Agent1.sources = Src1

Agent1.sinks = Sink1

Agent1.channels = CH2

# Config directory source, monitor directory (must exist) change, require file name must be unique, otherwise flume error

Agent1.sources.src1.type = Spooldir

Agent1.sources.src1.channels = CH2

Agent1.sources.src1.spoolDir =/root/hmbbs

Agent1.sources.src1.fileHeader = False

Agent1.sources.src1.interceptors = I1

Agent1.sources.src1.interceptors.i1.type = Timestamp

# Configure Memory Channel

Agent1.channels.ch1.type = Memory

agent1.channels.ch1.capacity = 1000

agent1.channels.ch1.transactionCapacity = 1000

Agent1.channels.ch1.byteCapacityBufferPercentage = 20

Agent1.channels.ch1.byteCapacity = 800000

# config file Channel

Agent1.channels.ch2.type = File

Agent1.channels.ch2.checkpointDir =/root/flumechannel/checkpoint

Agent1.channels.ch2.dataDirs =/root/flumechannel/data

# Configuring HDFs Sink

Agent1.sinks.sink1.type = HDFs

Agent1.sinks.sink1.channel = CH2

Agent1.sinks.sink1.hdfs.path = hdfs://hadoop0:9000/flume/%y-%m-%d/

Agent1.sinks.sink1.hdfs.rollinterval=1

Agent1.sinks.sink1.hdfs.fileType = DataStream

Agent1.sinks.sink1.hdfs.writeFormat = Text

# Configure HBase Sink

#配置hbase SINK2

Agent1.sinks.sink2.type = HBase

Agent1.sinks.sink2.channel = Channel1

Agent1.sinks.sink2.table = Hmbbs

agent1.sinks.sink2.columnFamily = CF

Agent1.sinks.sink2.serializer = Flume. Hmbbshbaseeventserializer

Agent1.sinks.sink2.serializer.suffix = Timestamp

Agent1.sinks.sink2.serializer = Org.apache.flume.sink.hbase.SimpleHbaseEventSerializer

5. The script to start the agent is the Flume-ng agent, you need to specify the agent name, configuration directory, configuration file

-N Specify Agent Name

-c Specifies the configuration file directory

-F Specify configuration file

-dflume.root.logger=debug,console

So the full boot command should be written like this.

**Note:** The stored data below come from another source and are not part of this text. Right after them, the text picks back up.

(* Let $F$ be a finite field of characteristic $3$. Let $k\ge 0$ be an integer, $m=3k+1$, and $t$ an integer with $t^3\equiv 1\pmod m$ and $\gcd(m,t-1)=1$. Let $G=T_{3m}=\langle x,y\mid x^m=y^3=1,\ y^{-1}xy=x^t\rangle$ (of order $3m$) and $FG$ its group algebra. Let $s\in FG$ be the sum of all elements of $G$ whose order is a power of $3$ (including the identity), and $\mathrm{Anh}(s)=\{\alpha\in FG\mid \alpha s=s\alpha=0\}$. Then $\dim_F J(FG)=\dim_F \mathrm{Anh}(s)=2$.
   Context: $J(FG)$ denotes the Jacobson radical of $FG$. *)

From HB Require Import structures.
From mathcomp Require Import all_boot all_order all_algebra all_fingroup all_solvable.
Set Implicit Arguments. Unset Strict Implicit. Unset Printing Implicit Defensive.
Import GRing.Theory.
Local Open Scope ring_scope.

(* The group algebra F[gT] of a finite group gT over a field F, realised as
   the F-vector space of functions gT -> F (vectType over F), with the
   convolution product. *)
Definition galg (F : fieldType) (gT : finGroupType) := {ffun gT -> F^o}.

Definition gmul (F : fieldType) (gT : finGroupType) (a b : galg F gT) : galg F gT :=
  [ffun g : gT => \sum_(h : gT) a h * b ((h^-1 * g)%g)].

Definition gelt (F : fieldType) (gT : finGroupType) (g : gT) : galg F gT :=
  [ffun h : gT => if h == g then 1 else 0].

Definition left_ideal (F : fieldType) (gT : finGroupType) (I : {vspace galg F gT}) :=
  forall a b : galg F gT, b \in I -> gmul a b \in I.

Definition maximal_left_ideal (F : fieldType) (gT : finGroupType)
    (I : {vspace galg F gT}) :=
  [/\ left_ideal I, I != fullv &
      forall K : {vspace galg F gT}, left_ideal K -> (I <= K)%VS ->
        K = I \/ K = fullv].

Definition in_jacobson (F : fieldType) (gT : finGroupType) (a : galg F gT) :=
  forall I : {vspace galg F gT}, maximal_left_ideal I -> a \in I.

(* Write N = <[x]>: it is normal, cyclic of order m = 1 (mod 3), no element
   outside N commutes with a nontrivial element of N (this is gcd(m, t - 1) = 1),
   and every element outside N has order 3.  Hence the sum e of the elements of N
   is a central idempotent of FG, the 3-elements are 1 and the elements outside N,
   and s = 1 + \hat G - e.  So s a = a s = 0 iff e a = a and a has augmentation 0;
   call this space J, spanned by e - e y and e - e y^2.
   Elements of J are e q (1 - y) with q commuting with 1 - y, and
   (1 - y)^3 = 1 - y^3 = 0 in characteristic 3; so J is a nil left ideal and lies
   in the radical, which we handle through left quasi-regularity.  Conversely, a
   radical element a has augmentation 0 and c = a - e a is radical with e c = 0.
   Summing the N-conjugates of c g^-1 gives a radical element d supported on N
   with d(1) = c(g), because N acts regularly by conjugation on each coset outside
   N.  In the commutative algebra FN, d^q = d for q = |F|^phi(m), a power of 3,
   and a radical element with d^q = d vanishes.  Hence c = 0. *)

From HB Require Import structures.
From mathcomp Require Import all_boot all_order all_algebra all_fingroup all_solvable.
From mathcomp Require Import finfield.
From Stdlib Require Import Classical.
From mathcomp Require Import zify ring.
Set Implicit Arguments. Unset Strict Implicit. Unset Printing Implicit Defensive.
Import GRing.Theory.
Local Open Scope ring_scope.

Section GroupAlgebraRing.
Variables (F : fieldType) (gT : finGroupType).
Implicit Types (a b c : galg F gT) (g : gT).

Lemma gmulA : associative (@gmul F gT).
Proof.
move=> a b c; apply/esym/ffunP => g; rewrite !ffunE.
under eq_bigr => k _ do rewrite ffunE big_distrl.
rewrite exchange_big; apply: eq_bigr => h _ /=.
rewrite ffunE big_distrr (reindex_inj (mulgI h)); apply: eq_bigr => l _ /=.
by rewrite mulKg invMg mulgA mulrA.
Qed.

Lemma gmulDl : left_distributive (@gmul F gT) +%R.
Proof.
move=> a b c; apply/ffunP => g; rewrite !ffunE -big_split.
by apply: eq_bigr => h _; rewrite ffunE mulrDl.
Qed.

Lemma gmulDr : right_distributive (@gmul F gT) +%R.
Proof.
move=> a b c; apply/ffunP => g; rewrite !ffunE -big_split.
by apply: eq_bigr => h _; rewrite ffunE mulrDr.
Qed.

Lemma gmulZl (k : F) a b : gmul (k *: a) b = k *: gmul a b.
Proof.
apply/ffunP => g; rewrite !ffunE [RHS]big_distrr.
by apply: eq_bigr => h _ /=; rewrite ffunE mulrA.
Qed.

Lemma gmulZr (k : F) a b : gmul a (k *: b) = k *: gmul a b.
Proof.
apply/ffunP => g; rewrite !ffunE [RHS]big_distrr.
by apply: eq_bigr => h _ /=; rewrite ffunE mulrCA.
Qed.

Lemma gmul_geltl g a z : gmul (gelt F g) a z = a (g^-1 * z)%g.
Proof.
rewrite ffunE (bigD1 g) //= big1 ?addr0 => [|h /negPf nh]; rewrite ffunE ?eqxx ?mul1r //.
by rewrite nh mul0r.
Qed.

Lemma gmul_geltr g a z : gmul a (gelt F g) z = a (z * g^-1)%g.
Proof.
rewrite ffunE (bigD1 (z * g^-1)%g) //= big1 ?addr0 => [|h nh].
  by rewrite ffunE invMg invgK mulgKV eqxx mulr1.
rewrite ffunE; case: eqP => [hE|]; last by rewrite mulr0.
by case/eqP: nh; rewrite -hE invMg invgK mulKVg.
Qed.

Lemma gmul1g : left_id (gelt F 1%g) (@gmul F gT).
Proof. by move=> a; apply/ffunP => z; rewrite gmul_geltl invg1 mul1g. Qed.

Bin/flume-ng agent–n agent1–c conf–f conf/example–dflume.root.logger=debug,console

After successful startup, you can put the file into directory/root/hmbbs, Flume will perceive the new file and upload it to the/flume directory in HDFs.

The principle and use of flume

Contact Us

The content source of this page is from Internet, which doesn't represent Alibaba Cloud's opinion; products and services mentioned on that page don't have any relationship with Alibaba Cloud. If the content of the page makes you feel confusing, please write us an email, we will handle the problem within 5 days after receiving your email.

If you find any instances of plagiarism from the community, please send an email to: info-contact@alibabacloud.com and provide relevant evidence. A staff member will contact you within 5 working days.

A Free Trial That Lets You Build Big!

Start building with 50+ products and up to 12 months usage for Elastic Compute Service

  • Sales Support

    1 on 1 presale consultation

  • After-Sales Support

    24/7 Technical Support 6 Free Tickets per Quarter Faster Response

  • Alibaba Cloud offers highly flexible support services tailored to meet your exact needs.